**ASSIGNMENT:**
Check each line of the listing, and copy it if it contains the word "pred".

**** EXTRACTED MATERIAL

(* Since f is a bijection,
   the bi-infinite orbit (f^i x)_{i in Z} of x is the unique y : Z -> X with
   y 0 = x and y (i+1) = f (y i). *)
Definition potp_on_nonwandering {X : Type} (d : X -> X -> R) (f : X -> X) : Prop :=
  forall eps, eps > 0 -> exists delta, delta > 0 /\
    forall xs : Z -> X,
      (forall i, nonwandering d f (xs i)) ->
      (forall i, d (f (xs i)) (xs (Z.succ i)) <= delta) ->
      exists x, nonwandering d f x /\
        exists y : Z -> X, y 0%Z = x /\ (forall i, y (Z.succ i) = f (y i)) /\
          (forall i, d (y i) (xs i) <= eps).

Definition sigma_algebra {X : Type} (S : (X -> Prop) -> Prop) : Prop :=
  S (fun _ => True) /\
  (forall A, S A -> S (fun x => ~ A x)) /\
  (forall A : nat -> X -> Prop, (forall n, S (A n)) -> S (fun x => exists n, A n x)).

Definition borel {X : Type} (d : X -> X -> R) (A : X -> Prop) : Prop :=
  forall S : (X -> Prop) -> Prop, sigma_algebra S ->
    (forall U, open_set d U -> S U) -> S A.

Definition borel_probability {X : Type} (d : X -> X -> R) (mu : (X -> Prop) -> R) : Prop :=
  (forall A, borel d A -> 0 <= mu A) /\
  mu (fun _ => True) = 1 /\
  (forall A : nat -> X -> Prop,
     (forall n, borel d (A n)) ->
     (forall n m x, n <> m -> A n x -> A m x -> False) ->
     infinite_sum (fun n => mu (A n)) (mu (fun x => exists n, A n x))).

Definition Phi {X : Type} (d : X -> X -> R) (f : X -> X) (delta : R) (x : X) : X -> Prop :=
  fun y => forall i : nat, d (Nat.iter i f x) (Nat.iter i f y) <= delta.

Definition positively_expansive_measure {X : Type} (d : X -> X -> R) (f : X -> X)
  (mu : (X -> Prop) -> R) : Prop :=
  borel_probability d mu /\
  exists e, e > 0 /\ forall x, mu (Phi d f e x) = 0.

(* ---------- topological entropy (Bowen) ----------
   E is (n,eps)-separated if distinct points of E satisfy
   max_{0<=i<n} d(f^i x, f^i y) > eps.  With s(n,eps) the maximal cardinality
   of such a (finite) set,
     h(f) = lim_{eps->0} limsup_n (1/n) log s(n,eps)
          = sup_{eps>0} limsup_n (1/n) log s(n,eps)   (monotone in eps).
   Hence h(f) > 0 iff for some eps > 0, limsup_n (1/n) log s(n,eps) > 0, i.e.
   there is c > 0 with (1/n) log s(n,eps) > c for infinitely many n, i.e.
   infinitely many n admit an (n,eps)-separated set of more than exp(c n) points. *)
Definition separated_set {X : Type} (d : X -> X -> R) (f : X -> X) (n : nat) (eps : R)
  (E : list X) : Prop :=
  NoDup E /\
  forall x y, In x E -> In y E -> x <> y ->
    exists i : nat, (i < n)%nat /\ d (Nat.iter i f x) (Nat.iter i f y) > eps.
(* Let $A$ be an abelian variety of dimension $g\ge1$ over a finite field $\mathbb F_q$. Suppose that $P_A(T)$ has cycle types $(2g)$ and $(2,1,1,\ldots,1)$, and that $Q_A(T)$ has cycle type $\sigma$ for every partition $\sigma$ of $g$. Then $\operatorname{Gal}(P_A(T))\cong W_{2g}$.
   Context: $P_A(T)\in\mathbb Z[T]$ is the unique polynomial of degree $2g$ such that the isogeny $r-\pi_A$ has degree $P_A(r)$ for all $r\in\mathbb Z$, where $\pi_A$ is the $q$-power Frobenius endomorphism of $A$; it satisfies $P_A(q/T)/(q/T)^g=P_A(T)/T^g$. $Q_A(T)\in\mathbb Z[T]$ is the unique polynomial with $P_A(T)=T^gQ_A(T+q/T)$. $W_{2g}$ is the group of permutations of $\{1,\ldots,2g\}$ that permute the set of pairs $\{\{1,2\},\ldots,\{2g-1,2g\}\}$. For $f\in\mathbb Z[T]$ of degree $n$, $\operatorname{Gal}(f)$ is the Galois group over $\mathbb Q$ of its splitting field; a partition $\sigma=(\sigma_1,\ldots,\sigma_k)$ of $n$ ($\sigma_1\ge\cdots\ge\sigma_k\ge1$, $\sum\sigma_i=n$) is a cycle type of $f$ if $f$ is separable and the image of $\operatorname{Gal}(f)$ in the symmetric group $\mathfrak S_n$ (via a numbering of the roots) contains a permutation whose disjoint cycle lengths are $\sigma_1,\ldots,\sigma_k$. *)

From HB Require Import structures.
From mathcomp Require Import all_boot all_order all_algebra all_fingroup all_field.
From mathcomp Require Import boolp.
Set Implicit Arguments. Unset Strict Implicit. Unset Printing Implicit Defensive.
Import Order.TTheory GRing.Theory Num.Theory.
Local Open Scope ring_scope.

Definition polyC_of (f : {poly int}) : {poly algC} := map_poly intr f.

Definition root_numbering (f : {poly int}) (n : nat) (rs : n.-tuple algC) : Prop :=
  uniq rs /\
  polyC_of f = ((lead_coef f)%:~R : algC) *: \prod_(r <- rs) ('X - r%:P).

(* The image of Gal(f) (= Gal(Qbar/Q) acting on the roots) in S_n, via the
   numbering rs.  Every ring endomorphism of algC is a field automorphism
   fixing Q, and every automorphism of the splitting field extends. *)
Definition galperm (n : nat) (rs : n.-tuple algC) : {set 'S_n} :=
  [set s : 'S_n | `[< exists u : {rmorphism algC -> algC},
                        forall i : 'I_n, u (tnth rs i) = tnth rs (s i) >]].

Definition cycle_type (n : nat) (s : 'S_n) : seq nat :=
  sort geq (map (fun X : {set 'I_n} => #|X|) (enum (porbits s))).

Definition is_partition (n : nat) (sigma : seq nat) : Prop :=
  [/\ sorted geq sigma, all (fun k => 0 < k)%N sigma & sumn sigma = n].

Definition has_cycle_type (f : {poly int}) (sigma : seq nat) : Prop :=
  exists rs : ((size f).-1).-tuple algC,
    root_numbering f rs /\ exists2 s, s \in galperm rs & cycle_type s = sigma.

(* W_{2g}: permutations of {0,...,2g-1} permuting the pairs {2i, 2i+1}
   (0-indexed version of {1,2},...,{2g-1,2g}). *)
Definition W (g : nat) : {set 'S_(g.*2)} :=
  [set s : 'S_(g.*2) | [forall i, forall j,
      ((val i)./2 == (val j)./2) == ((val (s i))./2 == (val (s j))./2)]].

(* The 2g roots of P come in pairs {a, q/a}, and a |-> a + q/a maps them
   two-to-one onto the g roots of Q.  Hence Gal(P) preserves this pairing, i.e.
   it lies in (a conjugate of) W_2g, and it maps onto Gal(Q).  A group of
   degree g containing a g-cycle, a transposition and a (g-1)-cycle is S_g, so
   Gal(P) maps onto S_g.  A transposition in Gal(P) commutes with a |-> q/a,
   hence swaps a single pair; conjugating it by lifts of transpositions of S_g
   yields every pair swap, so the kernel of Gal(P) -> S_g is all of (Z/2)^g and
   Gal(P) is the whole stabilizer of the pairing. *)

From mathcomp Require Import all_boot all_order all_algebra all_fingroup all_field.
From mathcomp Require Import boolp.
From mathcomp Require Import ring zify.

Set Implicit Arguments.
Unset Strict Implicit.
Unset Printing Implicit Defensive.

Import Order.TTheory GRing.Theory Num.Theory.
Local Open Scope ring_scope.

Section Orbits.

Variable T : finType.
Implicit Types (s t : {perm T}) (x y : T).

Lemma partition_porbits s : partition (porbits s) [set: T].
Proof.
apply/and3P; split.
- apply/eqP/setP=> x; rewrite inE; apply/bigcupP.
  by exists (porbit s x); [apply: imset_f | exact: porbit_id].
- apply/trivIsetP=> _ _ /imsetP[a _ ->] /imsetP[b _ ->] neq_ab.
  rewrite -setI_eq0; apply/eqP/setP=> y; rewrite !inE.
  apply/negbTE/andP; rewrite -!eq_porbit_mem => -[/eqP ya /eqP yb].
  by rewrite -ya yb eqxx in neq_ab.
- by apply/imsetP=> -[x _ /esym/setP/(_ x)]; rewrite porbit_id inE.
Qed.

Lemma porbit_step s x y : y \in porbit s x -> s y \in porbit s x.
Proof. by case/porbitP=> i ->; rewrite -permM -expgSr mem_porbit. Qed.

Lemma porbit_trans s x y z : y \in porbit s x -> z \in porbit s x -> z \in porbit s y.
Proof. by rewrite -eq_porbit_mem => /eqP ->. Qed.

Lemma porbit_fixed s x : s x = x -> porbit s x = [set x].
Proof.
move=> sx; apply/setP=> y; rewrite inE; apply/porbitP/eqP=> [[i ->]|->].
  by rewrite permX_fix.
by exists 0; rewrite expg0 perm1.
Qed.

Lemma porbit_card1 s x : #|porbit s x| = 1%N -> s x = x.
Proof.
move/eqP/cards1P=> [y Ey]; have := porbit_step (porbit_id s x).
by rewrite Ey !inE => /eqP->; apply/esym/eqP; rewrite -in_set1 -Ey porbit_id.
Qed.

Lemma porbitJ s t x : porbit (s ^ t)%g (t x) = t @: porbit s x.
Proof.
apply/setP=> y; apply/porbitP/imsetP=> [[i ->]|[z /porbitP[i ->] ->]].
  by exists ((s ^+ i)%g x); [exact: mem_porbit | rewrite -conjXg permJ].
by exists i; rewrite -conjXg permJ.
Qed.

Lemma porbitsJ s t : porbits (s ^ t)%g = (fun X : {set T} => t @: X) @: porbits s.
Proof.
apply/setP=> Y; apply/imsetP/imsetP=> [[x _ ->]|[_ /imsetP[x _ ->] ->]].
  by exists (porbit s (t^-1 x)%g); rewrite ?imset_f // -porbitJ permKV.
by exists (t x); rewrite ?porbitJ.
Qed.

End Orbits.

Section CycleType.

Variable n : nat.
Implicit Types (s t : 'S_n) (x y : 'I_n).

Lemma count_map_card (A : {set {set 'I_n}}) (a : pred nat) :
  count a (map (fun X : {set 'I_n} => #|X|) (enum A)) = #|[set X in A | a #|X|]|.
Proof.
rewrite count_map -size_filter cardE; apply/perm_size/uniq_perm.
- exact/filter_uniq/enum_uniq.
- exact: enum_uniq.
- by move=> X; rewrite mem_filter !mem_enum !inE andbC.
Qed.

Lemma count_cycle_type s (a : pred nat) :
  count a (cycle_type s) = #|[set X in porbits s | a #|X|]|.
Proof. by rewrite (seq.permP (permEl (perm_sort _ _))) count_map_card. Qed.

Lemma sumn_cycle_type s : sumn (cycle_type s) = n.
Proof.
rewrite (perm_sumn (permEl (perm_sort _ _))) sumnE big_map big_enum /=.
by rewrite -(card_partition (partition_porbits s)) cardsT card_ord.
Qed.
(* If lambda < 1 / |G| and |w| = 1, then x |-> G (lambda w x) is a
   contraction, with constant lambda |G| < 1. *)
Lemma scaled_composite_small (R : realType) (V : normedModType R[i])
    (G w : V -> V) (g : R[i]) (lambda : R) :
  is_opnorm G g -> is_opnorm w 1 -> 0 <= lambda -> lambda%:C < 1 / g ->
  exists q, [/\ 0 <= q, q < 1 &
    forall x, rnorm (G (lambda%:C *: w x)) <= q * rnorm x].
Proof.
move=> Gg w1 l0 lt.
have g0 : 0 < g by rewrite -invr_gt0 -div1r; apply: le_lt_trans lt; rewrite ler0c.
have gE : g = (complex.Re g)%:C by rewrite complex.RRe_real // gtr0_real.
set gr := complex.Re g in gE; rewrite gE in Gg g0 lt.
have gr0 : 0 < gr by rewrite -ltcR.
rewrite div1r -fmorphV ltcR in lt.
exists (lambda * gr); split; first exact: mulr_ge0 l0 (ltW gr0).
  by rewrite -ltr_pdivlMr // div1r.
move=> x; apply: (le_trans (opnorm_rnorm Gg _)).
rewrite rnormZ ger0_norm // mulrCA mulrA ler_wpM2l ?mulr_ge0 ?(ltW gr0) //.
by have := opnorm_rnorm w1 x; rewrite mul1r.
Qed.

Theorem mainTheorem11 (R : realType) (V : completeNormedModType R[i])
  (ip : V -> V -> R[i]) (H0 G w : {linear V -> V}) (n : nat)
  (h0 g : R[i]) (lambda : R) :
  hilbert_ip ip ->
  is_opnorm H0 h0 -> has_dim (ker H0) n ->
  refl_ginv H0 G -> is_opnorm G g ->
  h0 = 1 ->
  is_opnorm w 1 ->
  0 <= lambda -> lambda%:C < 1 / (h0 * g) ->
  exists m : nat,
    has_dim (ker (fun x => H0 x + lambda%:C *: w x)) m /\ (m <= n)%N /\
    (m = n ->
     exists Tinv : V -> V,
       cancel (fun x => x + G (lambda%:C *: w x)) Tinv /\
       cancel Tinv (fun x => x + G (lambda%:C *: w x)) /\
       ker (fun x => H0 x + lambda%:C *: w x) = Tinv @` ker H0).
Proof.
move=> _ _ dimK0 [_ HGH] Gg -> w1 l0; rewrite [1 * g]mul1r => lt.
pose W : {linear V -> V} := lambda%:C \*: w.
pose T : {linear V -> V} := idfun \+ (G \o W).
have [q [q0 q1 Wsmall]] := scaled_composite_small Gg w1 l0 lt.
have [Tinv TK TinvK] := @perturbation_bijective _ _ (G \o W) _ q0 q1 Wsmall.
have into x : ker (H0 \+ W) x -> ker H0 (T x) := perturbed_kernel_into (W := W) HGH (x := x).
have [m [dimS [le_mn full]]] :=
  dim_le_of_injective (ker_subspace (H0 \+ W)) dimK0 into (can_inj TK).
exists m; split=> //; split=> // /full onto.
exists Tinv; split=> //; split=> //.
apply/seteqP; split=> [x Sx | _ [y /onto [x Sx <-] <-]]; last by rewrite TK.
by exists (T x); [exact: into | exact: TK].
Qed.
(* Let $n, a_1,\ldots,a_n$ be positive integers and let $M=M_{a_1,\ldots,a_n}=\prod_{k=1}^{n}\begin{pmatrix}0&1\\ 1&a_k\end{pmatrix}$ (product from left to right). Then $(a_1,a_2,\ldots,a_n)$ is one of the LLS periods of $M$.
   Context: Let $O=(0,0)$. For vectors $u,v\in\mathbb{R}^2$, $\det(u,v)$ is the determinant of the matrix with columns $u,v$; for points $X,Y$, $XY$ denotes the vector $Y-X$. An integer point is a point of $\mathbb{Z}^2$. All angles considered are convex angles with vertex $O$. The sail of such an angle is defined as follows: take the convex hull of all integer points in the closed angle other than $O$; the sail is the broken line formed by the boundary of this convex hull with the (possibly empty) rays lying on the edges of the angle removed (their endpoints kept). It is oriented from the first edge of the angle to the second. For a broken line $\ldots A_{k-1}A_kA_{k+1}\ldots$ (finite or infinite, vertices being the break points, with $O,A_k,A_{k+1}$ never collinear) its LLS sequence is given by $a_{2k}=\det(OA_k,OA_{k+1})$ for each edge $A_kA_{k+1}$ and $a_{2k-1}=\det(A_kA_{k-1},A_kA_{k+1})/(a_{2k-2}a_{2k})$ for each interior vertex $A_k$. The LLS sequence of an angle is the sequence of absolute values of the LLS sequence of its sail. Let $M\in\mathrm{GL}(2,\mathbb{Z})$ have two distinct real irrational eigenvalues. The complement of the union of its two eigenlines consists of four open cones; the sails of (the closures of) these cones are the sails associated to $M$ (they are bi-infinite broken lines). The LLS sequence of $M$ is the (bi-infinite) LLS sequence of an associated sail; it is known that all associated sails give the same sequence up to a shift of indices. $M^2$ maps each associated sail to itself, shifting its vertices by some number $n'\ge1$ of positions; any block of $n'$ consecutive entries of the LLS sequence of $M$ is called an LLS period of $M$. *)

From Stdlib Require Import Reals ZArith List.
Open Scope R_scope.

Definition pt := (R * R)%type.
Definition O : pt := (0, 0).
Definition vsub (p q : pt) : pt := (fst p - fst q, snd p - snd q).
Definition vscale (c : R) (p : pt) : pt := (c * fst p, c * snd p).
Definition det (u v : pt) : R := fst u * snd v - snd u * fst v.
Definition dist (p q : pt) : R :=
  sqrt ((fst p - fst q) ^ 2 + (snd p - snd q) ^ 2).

********

**REPLY:**
Lemma count_map_card (A : {set {set 'I_n}}) (a : pred nat) :
Lemma count_cycle_type s (a : pred nat) :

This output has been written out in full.